> _The task_
Report every line of the records below that contains the word "Rabs".

(Stored data)
┄┄┄┄┄┄
(* Let $m>1$, $N\ge2$, $\chi>0$, $X_0\in\mathcal R^N$, and let $X$ be the maximal solution in $\mathcal R^N$ on $[0,T)$ of the gradient flow system with $X(0)=X_0$. Define $f_{m+1}(t)=\frac1{m+1}|X(t)|^{m+1}$. Then $f_{m+1}$ is concave on $[0,T)$, and for all $t\in[0,T)$, $$\frac{df_{m+1}}{dt}(t)=(m-1)\,\mathcal F^N_m(X(t))\,|X(t)|^{m-1},\qquad \frac{d^2f_{m+1}}{dt^2}(t)=-\frac{m-1}{m+1}\,f_{m+1}(t)^{-1}\,\mathcal H^N_{m+1}\Big(\frac{X(t)}{|X(t)|}\Big),$$ where for $Y\in\mathcal R^N$ with $|Y|=1$, $\mathcal H^N_{m+1}(Y)=|\nabla\mathcal F^N_m(Y)|^2-\big((m-1)\mathcal F^N_m(Y)\big)^2\ge0$.
   Context: $\mathcal R^N=\{X\in\mathbb R^N: X_1<\dots<X_N,\ \sum_iX_i=0\}$; $|\cdot|$ is the Euclidean norm and $\nabla$ the Euclidean gradient on $\mathbb R^N$. $\mathcal F^N_m(X)=\frac1{m-1}\sum_{i=1}^{N-1}(X_{i+1}-X_i)^{1-m}-\frac{\chi}{m-1}\sum_{1\le i\ne j\le N}|X_i-X_j|^{1-m}$. Gradient flow system: for $i=1,\dots,N$, $\dot X_i=-(X_{i+1}-X_i)^{-m}+(X_i-X_{i-1})^{-m}+2\chi\sum_{j\ne i}\mathrm{sign}(j-i)|X_j-X_i|^{-m}$, the first term absent for $i=N$ and the second for $i=1$ (i.e. $\dot X=-\nabla\mathcal F^N_m(X)$). *)

From Stdlib Require Import Reals Lra Lia List.
From Coquelicot Require Import Coquelicot.
Open Scope R_scope.

(* Vectors of R^N are represented as functions nat -> R, with coordinates
   X_1, ..., X_N of the paper stored at indices 0, ..., N-1.
   Values at indices >= N are irrelevant (never used). *)

Definition sumR (n : nat) (f : nat -> R) : R :=
  fold_right Rplus 0 (map f (seq 0 n)).

Definition normv (N : nat) (X : nat -> R) : R := sqrt (sumR N (fun i => X i ^ 2)).

Definition inRN (N : nat) (X : nat -> R) : Prop :=
  (forall i, (i + 1 < N)%nat -> X i < X (i + 1)%nat) /\ sumR N X = 0.

Definition FNm (N : nat) (m chi : R) (X : nat -> R) : R :=
  / (m - 1) * sumR (N - 1) (fun i => Rpower (X (i + 1)%nat - X i) (1 - m))
  - chi / (m - 1) *
      sumR N (fun i => sumR N (fun j =>
        if Nat.eqb i j then 0 else Rpower (Rabs (X i - X j)) (1 - m))).

Definition gradF (N : nat) (m chi : R) (Y : nat -> R) (i : nat) : R :=
  Derive (fun s => FNm N m chi (fun j => if Nat.eqb j i then Y j + s else Y j)) 0.

Definition HNm1 (N : nat) (m chi : R) (Y : nat -> R) : R :=
  sumR N (fun i => gradF N m chi Y i ^ 2) - ((m - 1) * FNm N m chi Y) ^ 2.

Definition sgn_nat (j i : nat) : R := if Nat.ltb i j then 1 else -1.

Definition rhs (N : nat) (m chi : R) (X : nat -> R) (i : nat) : R :=
  (if Nat.ltb (i + 1) N then - Rpower (X (i + 1)%nat - X i) (- m) else 0)
  + (if Nat.ltb 0 i then Rpower (X i - X (i - 1)%nat) (- m) else 0)
  + 2 * chi * sumR N (fun j =>
       if Nat.eqb j i then 0 else sgn_nat j i * Rpower (Rabs (X j - X i)) (- m)).

Definition in_0T (T : Rbar) (t : R) : Prop := 0 <= t /\ Rbar_lt t T.

(* derivative of f at t relative to the set D (one-sided at endpoints) *)
Definition is_deriv_in (D : R -> Prop) (f : R -> R) (t l : R) : Prop :=
  filterlim (fun s => (f s - f t) / (s - t))
    (within (fun s => D s /\ s <> t) (locally t)) (locally l).

Definition is_solution (N : nat) (m chi : R) (X0 : nat -> R) (T : Rbar)
    (X : R -> nat -> R) : Prop :=
  Rbar_lt 0 T /\
  (forall i, (i < N)%nat -> X 0 i = X0 i) /\
  (forall t, in_0T T t ->
     inRN N (X t) /\
     forall i, (i < N)%nat ->
       is_deriv_in (in_0T T) (fun s => X s i) t (rhs N m chi (X t) i)).

Definition is_maximal_solution (N : nat) (m chi : R) (X0 : nat -> R) (T : Rbar)
    (X : R -> nat -> R) : Prop :=
  is_solution N m chi X0 T X /\
  forall (T' : Rbar) (Y : R -> nat -> R),
    is_solution N m chi X0 T' Y ->
    (forall t, in_0T T t -> forall i, (i < N)%nat -> Y t i = X t i) ->
    Rbar_le T' T.

Definition concave_on (D : R -> Prop) (f : R -> R) : Prop :=
  forall x y l, D x -> D y -> 0 <= l <= 1 ->
    l * f x + (1 - l) * f y <= f (l * x + (1 - l) * y).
┄┄┄┄┄┄
> _Answer below_
        if Nat.eqb i j then 0 else Rpower (Rabs (X i - X j)) (1 - m))).
       if Nat.eqb j i then 0 else sgn_nat j i * Rpower (Rabs (X j - X i)) (- m)).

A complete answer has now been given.